_PROVIDED MATERIAL_

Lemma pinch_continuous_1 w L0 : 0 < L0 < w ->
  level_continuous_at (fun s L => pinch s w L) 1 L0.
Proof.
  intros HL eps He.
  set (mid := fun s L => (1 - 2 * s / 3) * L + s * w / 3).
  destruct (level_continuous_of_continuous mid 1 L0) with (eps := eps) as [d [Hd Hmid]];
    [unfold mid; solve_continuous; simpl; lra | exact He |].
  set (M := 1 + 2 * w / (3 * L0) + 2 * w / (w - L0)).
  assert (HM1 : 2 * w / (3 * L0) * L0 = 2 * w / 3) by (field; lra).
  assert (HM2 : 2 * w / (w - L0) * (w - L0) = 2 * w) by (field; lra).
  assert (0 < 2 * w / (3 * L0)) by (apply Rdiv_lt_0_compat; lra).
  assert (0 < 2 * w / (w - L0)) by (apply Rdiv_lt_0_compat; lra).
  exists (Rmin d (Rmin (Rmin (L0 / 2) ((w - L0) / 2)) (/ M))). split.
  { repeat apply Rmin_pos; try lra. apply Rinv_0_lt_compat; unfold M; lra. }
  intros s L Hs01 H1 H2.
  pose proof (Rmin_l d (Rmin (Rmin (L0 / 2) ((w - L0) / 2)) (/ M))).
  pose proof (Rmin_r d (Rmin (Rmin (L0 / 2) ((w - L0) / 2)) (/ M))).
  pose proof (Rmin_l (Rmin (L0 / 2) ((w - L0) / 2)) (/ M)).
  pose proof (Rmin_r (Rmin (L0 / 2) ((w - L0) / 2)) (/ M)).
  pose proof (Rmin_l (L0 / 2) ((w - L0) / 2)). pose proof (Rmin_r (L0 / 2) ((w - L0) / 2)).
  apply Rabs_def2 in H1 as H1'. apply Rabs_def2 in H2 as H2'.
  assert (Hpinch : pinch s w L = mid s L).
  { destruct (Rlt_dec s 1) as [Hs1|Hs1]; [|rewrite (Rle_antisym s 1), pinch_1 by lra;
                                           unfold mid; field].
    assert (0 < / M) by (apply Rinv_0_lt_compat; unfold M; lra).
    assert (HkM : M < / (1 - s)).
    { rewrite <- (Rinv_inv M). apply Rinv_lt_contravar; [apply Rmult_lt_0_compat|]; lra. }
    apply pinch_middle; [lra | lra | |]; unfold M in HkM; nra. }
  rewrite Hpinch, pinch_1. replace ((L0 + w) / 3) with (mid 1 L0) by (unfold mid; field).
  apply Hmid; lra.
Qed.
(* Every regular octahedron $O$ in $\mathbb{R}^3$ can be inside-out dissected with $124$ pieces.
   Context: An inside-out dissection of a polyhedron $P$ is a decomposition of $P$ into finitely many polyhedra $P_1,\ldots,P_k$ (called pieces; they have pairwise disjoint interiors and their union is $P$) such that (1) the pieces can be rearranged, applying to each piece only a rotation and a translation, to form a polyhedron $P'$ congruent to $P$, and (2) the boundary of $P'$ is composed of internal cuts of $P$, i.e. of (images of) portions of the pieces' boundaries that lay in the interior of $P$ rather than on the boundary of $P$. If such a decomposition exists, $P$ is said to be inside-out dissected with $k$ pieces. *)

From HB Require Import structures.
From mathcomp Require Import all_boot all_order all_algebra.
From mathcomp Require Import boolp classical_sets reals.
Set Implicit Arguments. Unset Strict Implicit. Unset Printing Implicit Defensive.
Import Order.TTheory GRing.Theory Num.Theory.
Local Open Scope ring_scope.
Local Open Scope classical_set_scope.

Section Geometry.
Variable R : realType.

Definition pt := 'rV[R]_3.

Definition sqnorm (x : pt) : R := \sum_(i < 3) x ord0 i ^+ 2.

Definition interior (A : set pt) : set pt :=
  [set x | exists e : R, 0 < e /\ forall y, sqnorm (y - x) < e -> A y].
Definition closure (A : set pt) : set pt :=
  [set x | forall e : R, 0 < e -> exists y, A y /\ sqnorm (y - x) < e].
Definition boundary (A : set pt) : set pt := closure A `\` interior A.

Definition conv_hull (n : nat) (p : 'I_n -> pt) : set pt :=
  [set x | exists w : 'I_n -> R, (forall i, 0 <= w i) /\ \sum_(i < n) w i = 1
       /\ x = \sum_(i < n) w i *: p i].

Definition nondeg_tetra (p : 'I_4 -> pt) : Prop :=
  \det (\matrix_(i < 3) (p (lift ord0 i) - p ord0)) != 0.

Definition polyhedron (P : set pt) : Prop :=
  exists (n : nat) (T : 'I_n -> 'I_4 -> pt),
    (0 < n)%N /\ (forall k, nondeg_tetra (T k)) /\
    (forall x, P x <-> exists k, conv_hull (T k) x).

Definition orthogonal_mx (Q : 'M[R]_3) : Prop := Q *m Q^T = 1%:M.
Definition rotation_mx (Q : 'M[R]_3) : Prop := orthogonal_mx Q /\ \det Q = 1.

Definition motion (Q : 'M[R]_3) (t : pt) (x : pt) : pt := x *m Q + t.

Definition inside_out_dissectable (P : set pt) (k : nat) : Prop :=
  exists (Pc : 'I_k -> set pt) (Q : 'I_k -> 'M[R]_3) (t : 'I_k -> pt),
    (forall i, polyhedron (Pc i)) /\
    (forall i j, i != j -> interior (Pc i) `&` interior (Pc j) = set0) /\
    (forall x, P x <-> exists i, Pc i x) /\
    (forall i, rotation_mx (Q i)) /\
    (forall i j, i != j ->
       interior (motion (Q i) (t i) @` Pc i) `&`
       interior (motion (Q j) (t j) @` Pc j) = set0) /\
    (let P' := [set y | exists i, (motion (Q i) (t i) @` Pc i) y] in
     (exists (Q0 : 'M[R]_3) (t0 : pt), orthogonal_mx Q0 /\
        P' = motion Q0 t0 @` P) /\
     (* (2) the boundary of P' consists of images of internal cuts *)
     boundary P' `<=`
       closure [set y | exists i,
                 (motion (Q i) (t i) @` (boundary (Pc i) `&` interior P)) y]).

_WORK ORDER_
Look above for the line with "intros HL eps He."; retype exactly that line, every line after it up to the line with "assert (HM1 : 2", and that line too, nothing else.

_SOLUTION TO THE PROBLEM_
  intros HL eps He.
  set (mid := fun s L => (1 - 2 * s / 3) * L + s * w / 3).
  destruct (level_continuous_of_continuous mid 1 L0) with (eps := eps) as [d [Hd Hmid]];
    [unfold mid; solve_continuous; simpl; lra | exact He |].
  set (M := 1 + 2 * w / (3 * L0) + 2 * w / (w - L0)).
  assert (HM1 : 2 * w / (3 * L0) * L0 = 2 * w / 3) by (field; lra).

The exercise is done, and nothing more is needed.